[v4,2/3] rust: block: add rnull, Rust null_blk implementation

Commit Message

Andreas Hindborg June 1, 2024, 1:40 p.m. UTC

From: Andreas Hindborg <a.hindborg@samsung.com>

This patch adds an initial version of the Rust null block driver.

Signed-off-by: Andreas Hindborg <a.hindborg@samsung.com>
---
 drivers/block/Kconfig  |  9 +++++
 drivers/block/Makefile |  3 ++
 drivers/block/rnull.rs | 81 ++++++++++++++++++++++++++++++++++++++++++
 3 files changed, 93 insertions(+)
 create mode 100644 drivers/block/rnull.rs

Comments

Keith Busch June 1, 2024, 2:24 p.m.
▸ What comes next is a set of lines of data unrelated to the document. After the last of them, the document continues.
(* The $\mathbb{R}$-linear map $$\Theta:\mathbb{R}\otimes_{\mathbb{Z}}\mathcal{H}(\mathcal{Z}_{\mathbb{R}_+})\to\mathbb{R},\quad \begin{bmatrix} s_1,\dots,s_k\\ b_1,\dots,b_k\end{bmatrix}\mapsto f\begin{pmatrix} s_1,\dots,s_k\\ b_1,\dots,b_k\end{pmatrix},\quad 1\mapsto1,$$ is a homomorphism of $\mathbb{R}$-algebras, where the source carries the ($\mathbb{R}$-linear extension of the) product $\diamond$.
   Context: $f\begin{pmatrix} s_1,\dots,s_k\\ b_1,\dots,b_k\end{pmatrix}=\frac{1}{(b_1+\cdots+b_k)^{s_1}(b_2+\cdots+b_k)^{s_2}\cdots b_k^{s_k}}$ for positive integers $s_i$ and positive reals $b_i$. Let $\mathcal{Z}_{\mathbb{R}_+}=\{\begin{bmatrix} r\\ b\end{bmatrix}: r\in\mathbb{Z}_{\ge1}, b\in\mathbb{R}_+\}$, $M(\mathcal{Z}_{\mathbb{R}_+})$ the free monoid on these symbols with words written $\begin{bmatrix} s_1,\dots,s_k\\ b_1,\dots,b_k\end{bmatrix}$ (empty word $1$), $\mathcal{H}(\mathcal{Z}_{\mathbb{R}_+})=\mathbb{Z}M(\mathcal{Z}_{\mathbb{R}_+})$. Let $X=\{x_0\}\sqcup\{x_b:b\in\mathbb{R}_+\}$ and on $\mathbb{Z}M(X)$ let $ш$ be the shuffle product: $1шw=w=wш1$, $(aw')ш(bw'')=a(w'шbw'')+b(aw'шw'')$ for letters $a,b\in X$. Let $\rho$ be the linear bijection from $\mathbb{Z}\oplus\bigoplus_{b}\mathbb{Z}M(X)x_b$ onto $\mathcal{H}(\mathcal{Z}_{\mathbb{R}_+})$ given by $x_0^{r_1-1}x_{b_1}\cdots x_0^{r_k-1}x_{b_k}\mapsto\begin{bmatrix} r_1,\dots,r_k\\ b_1,\dots,b_k\end{bmatrix}$, $1\mapsto1$, and define $\alpha\diamond\beta=\rho(\rho^{-1}(\alpha)ш\rho^{-1}(\beta))$. *)

From Stdlib Require Import Reals List.
Import ListNotations.
Open Scope R_scope.

(* Alphabet X = {x_0} ⊔ {x_b : b ∈ R_+}.  (Positivity of b is imposed as a
   hypothesis on the words we consider.) *)
Inductive letterX : Type :=
| x0 : letterX
| xb : R -> letterX.

Definition wordX := list letterX.

(* Shuffle product of two words, as the (multi)list of words appearing in the
   Z-linear combination (each with coefficient 1, repetitions counted):
   1 ш w = w = w ш 1,  (a w') ш (b w'') = a (w' ш b w'') + b (a w' ш w''). *)
Fixpoint shuffle (u : wordX) : wordX -> list wordX :=
  match u with
  | [] => fun v => [v]
  | a :: u' =>
      fix shuf_v (v : wordX) : list wordX :=
        match v with
        | [] => [u]
        | b :: v' =>
            map (cons a) (shuffle u' v) ++ map (cons b) (shuf_v v')
        end
  end.

(* A word of M(Z_{R_+}): [s_1..s_k ; b_1..b_k] as the list of pairs (s_i, b_i). *)
Definition wordZ := list (nat * R).

Definition valid_wordZ (w : wordZ) : Prop :=
  Forall (fun p => (1 <= fst p)%nat /\ 0 < snd p) w.

Fixpoint rho_inv (w : wordZ) : wordX :=
  match w with
  | [] => []
  | (r, b) :: w' => repeat x0 (r - 1) ++ xb b :: rho_inv w'
  end.

(* rho: x0^{r_1-1} x_{b_1} ... x0^{r_k-1} x_{b_k} |-> [r_1..r_k ; b_1..b_k].
   (Only applied to words that are empty or end in some x_b; trailing x0's,
   which never occur in that domain, are discarded.) *)
Fixpoint rho_aux (cnt : nat) (w : wordX) : wordZ :=
  match w with
  | [] => []
  | x0 :: w' => rho_aux (S cnt) w'
  | xb b :: w' => (S cnt, b) :: rho_aux O w'
  end.
Definition rho (w : wordX) : wordZ := rho_aux O w.

(* Elements of R ⊗_Z H(Z_{R_+}): finite formal R-linear combinations of words,
   represented as lists of (coefficient, word). *)
Definition HR := list (R * wordZ).

Definition valid_HR (a : HR) : Prop := Forall (fun p => valid_wordZ (snd p)) a.

Definition HR_one : HR := [(1, [])].

Definition diamond_word (w1 w2 : wordZ) : list wordZ :=
  map rho (shuffle (rho_inv w1) (rho_inv w2)).

Definition diamond (a b : HR) : HR :=
  flat_map (fun p1 =>
    flat_map (fun p2 =>
      map (fun w => (fst p1 * fst p2, w)) (diamond_word (snd p1) (snd p2)))
      b) a.

Fixpoint sumb (w : wordZ) : R :=
  match w with
  | [] => 0
  | (_, b) :: w' => b + sumb w'
  end.

Fixpoint fZ (w : wordZ) : R :=
  match w with
  | [] => 1
  | (s, b) :: w' => / (sumb w ^ s) * fZ w'
  end.

Definition Theta (a : HR) : R :=
  fold_right (fun p acc => fst p * fZ (snd p) + acc) 0 a.

(* The proof transports the problem to words in the letters X.  Give x0 the
   weight 0 and x_b the weight b, and set
      fX(a_1 ... a_n) = 1 / (S_1 S_2 ... S_n),   S_i = weight(a_i ... a_n),
   the product of the inverses of the suffix weights.  Then:
   1. (shuffle identity) for words whose nonempty suffixes have positive
      weight, the sum of fX over the shuffle u ш v equals fX u * fX v; by
      induction on both words, with A and B the weights of au and bv (every
      word of au ш bv has weight A+B), this reduces to the partial-fraction
      identity  1/(A+B) · (1/B + 1/A) = 1/(A B);
   2. (transport) fZ ∘ rho = fX on such words and fX ∘ rho^{-1} = fZ on
      valid Z-words, since a block x0^{r-1} x_b contributes r equal suffix
      weights, i.e. the factor 1/(b + ...)^r;
   3. (linearity) Theta is additive on concatenations of formal sums, so
      Theta (a ⋄ b) splits into the products fZ w1 * fZ w2, word by word. *)

From Stdlib Require Import Reals List Lra Lia.
Import ListNotations.
Open Scope R_scope.

Definition weight (a : letterX) : R := match a with x0 => 0 | xb b => b end.

Fixpoint total_weight (w : wordX) : R :=
  match w with [] => 0 | a :: w' => weight a + total_weight w' end.

Fixpoint fX (w : wordX) : R :=
  match w with [] => 1 | a :: w' => / total_weight (a :: w') * fX w' end.

(* A word is admissible when every nonempty suffix has positive weight;
   these are exactly the words on which fX has no vanishing denominators. *)
Fixpoint admissible (w : wordX) : Prop :=
  match w with [] => True | a :: w' => admissible w' /\ 0 < total_weight (a :: w') end.

Definition sum_fX (l : list wordX) : R := fold_right (fun w acc => fX w + acc) 0 l.
Definition sum_fZ (l : list wordZ) : R := fold_right (fun w acc => fZ w + acc) 0 l.

Lemma shuffle_nil_l v : shuffle [] v = [v].
Proof. reflexivity. Qed.

Lemma shuffle_nil_r u : shuffle u [] = [u].
Proof. destruct u; reflexivity. Qed.

Lemma shuffle_cons a u b v : shuffle (a :: u) (b :: v) =
  map (cons a) (shuffle u (b :: v)) ++ map (cons b) (shuffle (a :: u) v).
Proof. reflexivity. Qed.

Lemma admissible_weight_nonneg w : admissible w -> 0 <= total_weight w.
Proof. destruct w as [|a w]; simpl; lra. Qed.

(* Every shuffle of two admissible words is admissible and carries the sum of
   their weights; this is what makes the denominators in step 1 uniform. *)
Lemma shuffle_admissible u v : admissible u -> admissible v ->
  Forall (fun w => admissible w /\ total_weight w = total_weight u + total_weight v)
    (shuffle u v).
Proof.
  revert v; induction u as [|a u IHu]; intros v Hu Hv.
  - rewrite shuffle_nil_l. constructor; [split; [exact Hv | simpl; ring] | constructor].
  - induction v as [|b v IHv].
    + rewrite shuffle_nil_r. constructor; [split; [exact Hu | simpl; ring] | constructor].
    + rewrite shuffle_cons. apply Forall_app; split; apply Forall_map.
      * destruct Hu as [Hu Ha].
        pose proof (admissible_weight_nonneg _ Hv).
        eapply Forall_impl; [|exact (IHu (b :: v) Hu Hv)].
        intros w [Hw Hs]; simpl in *; repeat split; auto; lra.
      * destruct Hv as [Hv Hb].
        pose proof (admissible_weight_nonneg _ Hu).
        eapply Forall_impl; [|exact (IHv Hv)].
        intros w [Hw Hs]; simpl in *; repeat split; auto; lra.
Qed.

Lemma sum_fX_app l1 l2 : sum_fX (l1 ++ l2) = sum_fX l1 + sum_fX l2.
Proof. induction l1 as [|w l1 IH]; simpl; [ring|]. unfold sum_fX in *; simpl; rewrite IH; ring. Qed.

Lemma sum_fX_map_cons a s l : Forall (fun w => total_weight w = s) l ->
  sum_fX (map (cons a) l) = / (weight a + s) * sum_fX l.
Proof.
  induction l as [|w l IH]; intros Hl; unfold sum_fX in *; simpl; [ring|].
  apply Forall_inv in Hl as Hw. apply Forall_inv_tail in Hl.
  rewrite IH by exact Hl. simpl. rewrite Hw. ring.
Qed.

Lemma sum_fX_shuffle u v : admissible u -> admissible v ->
  sum_fX (shuffle u v) = fX u * fX v.
Proof.
  revert v; induction u as [|a u IHu]; intros v Hu Hv.
  - rewrite shuffle_nil_l. unfold sum_fX; simpl. ring.
  - induction v as [|b v IHv].
    + rewrite shuffle_nil_r. unfold sum_fX; simpl. ring.
    + rewrite shuffle_cons, sum_fX_app.
      rewrite (sum_fX_map_cons a (total_weight u + total_weight (b :: v))).
      2: { eapply Forall_impl; [|exact (shuffle_admissible u (b :: v) (proj1 Hu) Hv)].
           intros w [_ Hw]; exact Hw. }
      rewrite (sum_fX_map_cons b (total_weight (a :: u) + total_weight v)).
      2: { eapply Forall_impl; [|exact (shuffle_admissible (a :: u) v Hu (proj1 Hv))].
           intros w [_ Hw]; exact Hw. }
      rewrite (IHu (b :: v) (proj1 Hu) Hv), (IHv (proj1 Hv)).
      destruct Hu as [_ HA]; destruct Hv as [_ HB]; simpl in *.
      set (A := weight a + total_weight u) in *.
      set (B := weight b + total_weight v) in *.
      replace (weight a + (total_weight u + B)) with (A + B) by (unfold A; ring).
      replace (weight b + (A + total_weight v)) with (A + B) by (unfold B; ring).
      field. lra.
Qed.

Lemma sumb_rho_aux w cnt : sumb (rho_aux cnt w) = total_weight w.
Proof.
  revert cnt; induction w as [|a w IH]; intros cnt; simpl; [reflexivity|].
  destruct a; simpl; rewrite IH; ring.
Qed.

(* Step 2a: with cnt pending letters x0 (which share the suffix weight of w),
   fZ (rho_aux cnt w) = fX w / weight(w)^cnt. *)
Lemma fZ_rho_aux w cnt : admissible w -> (cnt = 0%nat \/ w <> []) ->
  fZ (rho_aux cnt w) = fX w * / (total_weight w ^ cnt).
Proof.
  revert cnt; induction w as [|a w IH]; intros cnt Hw Hc.
  - destruct Hc as [->|Hc]; [simpl; field|congruence].
  - destruct Hw as [Hw Hpos]. destruct a as [|b]; simpl in *.
    + assert (w <> []) by (intros ->; simpl in Hpos; lra).
      rewrite IH by auto. simpl. rewrite Rplus_0_l, Rinv_mult. ring.
    + rewrite IH by auto. rewrite sumb_rho_aux. simpl. rewrite Rinv_mult, Rinv_1. ring.
Qed.

Lemma fZ_rho w : admissible w -> fZ (rho w) = fX w.
Proof. intros Hw. unfold rho. rewrite fZ_rho_aux by auto. simpl. field. Qed.

Lemma sum_fZ_map_rho l : Forall admissible l -> sum_fZ (map rho l) = sum_fX l.
Proof.
  induction l as [|w l IH]; intros Hl; [reflexivity|].
  inversion Hl; subst. unfold sum_fZ, sum_fX in *; simpl.
  rewrite IH, fZ_rho by auto. reflexivity.
Qed.

Lemma rho_aux_block k cnt b t :
  rho_aux cnt (repeat x0 k ++ xb b :: t) = (S (k + cnt), b) :: rho_aux 0 t.
Proof.
  revert cnt; induction k as [|k IH]; intros cnt; simpl; [reflexivity|].
  rewrite IH. do 2 f_equal. lia.
Qed.

Lemma rho_rho_inv w : valid_wordZ w -> rho (rho_inv w) = w.
Proof.
  induction w as [|[r b] w IH]; intros Hw; [reflexivity|].
  inversion Hw as [|? ? [Hr _] Hw']; subst; simpl in Hr.
  simpl. unfold rho. rewrite rho_aux_block. f_equal; [f_equal; lia | exact (IH Hw')].
Qed.

Lemma total_weight_block k b t : total_weight (repeat x0 k ++ xb b :: t) = b + total_weight t.
Proof. induction k as [|k IH]; simpl; [reflexivity|]. rewrite IH; ring. Qed.

Lemma admissible_block k b t : admissible t -> 0 < b -> admissible (repeat x0 k ++ xb b :: t).
Proof.
  intros Ht Hb. pose proof (admissible_weight_nonneg _ Ht).
  induction k as [|k IH]; simpl; split; auto; [lra|].
  rewrite total_weight_block; lra.
Qed.

Lemma admissible_rho_inv w : valid_wordZ w -> admissible (rho_inv w).
Proof.
  induction w as [|[r b] w IH]; intros Hw; simpl; [exact I|].
  inversion Hw as [|? ? [_ Hb] Hw']; subst.
  apply admissible_block; [exact (IH Hw') | exact Hb].
Qed.

Lemma fX_rho_inv w : valid_wordZ w -> fX (rho_inv w) = fZ w.
Proof.
  intros Hw. rewrite <- (fZ_rho _ (admissible_rho_inv w Hw)), rho_rho_inv by exact Hw.
  reflexivity.
Qed.

Lemma sum_fZ_diamond_word w1 w2 : valid_wordZ w1 -> valid_wordZ w2 ->
  sum_fZ (diamond_word w1 w2) = fZ w1 * fZ w2.
Proof.
  intros H1 H2. unfold diamond_word.
  pose proof (admissible_rho_inv _ H1) as A1. pose proof (admissible_rho_inv _ H2) as A2.
  rewrite sum_fZ_map_rho.
  - rewrite sum_fX_shuffle, !fX_rho_inv by auto. reflexivity.
  - eapply Forall_impl; [|exact (shuffle_admissible _ _ A1 A2)]. intros w [Hw _]; exact Hw.
Qed.

Lemma Theta_app a b : Theta (a ++ b) = Theta a + Theta b.
Proof. induction a as [|p a IH]; simpl; [ring|]. unfold Theta in *; simpl; rewrite IH; ring. Qed.

Lemma Theta_scale c l : Theta (map (fun w => (c, w)) l) = c * sum_fZ l.
Proof.
  induction l as [|w l IH]; unfold Theta, sum_fZ in *; simpl; [ring|].
  rewrite IH; ring.
Qed.

Lemma Theta_diamond_row c1 w1 b : valid_wordZ w1 -> valid_HR b ->
  Theta (flat_map (fun p2 => map (fun w => (c1 * fst p2, w)) (diamond_word w1 (snd p2))) b)
  = c1 * fZ w1 * Theta b.
Proof.
  intros H1 Hb. induction b as [|[c2 w2] b IH]; [unfold Theta; simpl; ring|].
  inversion Hb as [|? ? H2 Hb']; subst; simpl in H2.
  simpl. rewrite Theta_app, Theta_scale, IH, sum_fZ_diamond_word by auto.
  unfold Theta; simpl. ring.
Qed.

Theorem corollary2p5 :
  Theta HR_one = 1 /\
  (forall a b : HR, valid_HR a -> valid_HR b ->
     Theta (diamond a b) = Theta a * Theta b).
Proof.
  split.
  - unfold Theta, HR_one; simpl; ring.
  - intros a b Ha Hb. induction a as [|[c1 w1] a IH]; [unfold Theta; simpl; ring|].
    inversion Ha as [|? ? H1 Ha']; subst; simpl in H1.
    unfold diamond; simpl. rewrite Theta_app. fold (diamond a b).
    rewrite IH, Theta_diamond_row by auto.
    unfold Theta; simpl. ring.
Qed.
UTC | #1

On Sat, Jun 01, 2024 at 03:40:04PM +0200, Andreas Hindborg wrote:
> +impl kernel::Module for NullBlkModule {
> +    fn init(_module: &'static ThisModule) -> Result<Self> {
> +        pr_info!("Rust null_blk loaded\n");
> +        let tagset = Arc::pin_init(TagSet::try_new(1, 256, 1), flags::GFP_KERNEL)?;
> +
> +        let disk = {
> +            let block_size: u16 = 4096;
> +            if block_size % 512 != 0 || !(512..=4096).contains(&block_size) {
> +                return Err(kernel::error::code::EINVAL);
> +            }

You've set block_size to the literal 4096, then validate its value
immediately after? Am I missing some way this could ever be invalid?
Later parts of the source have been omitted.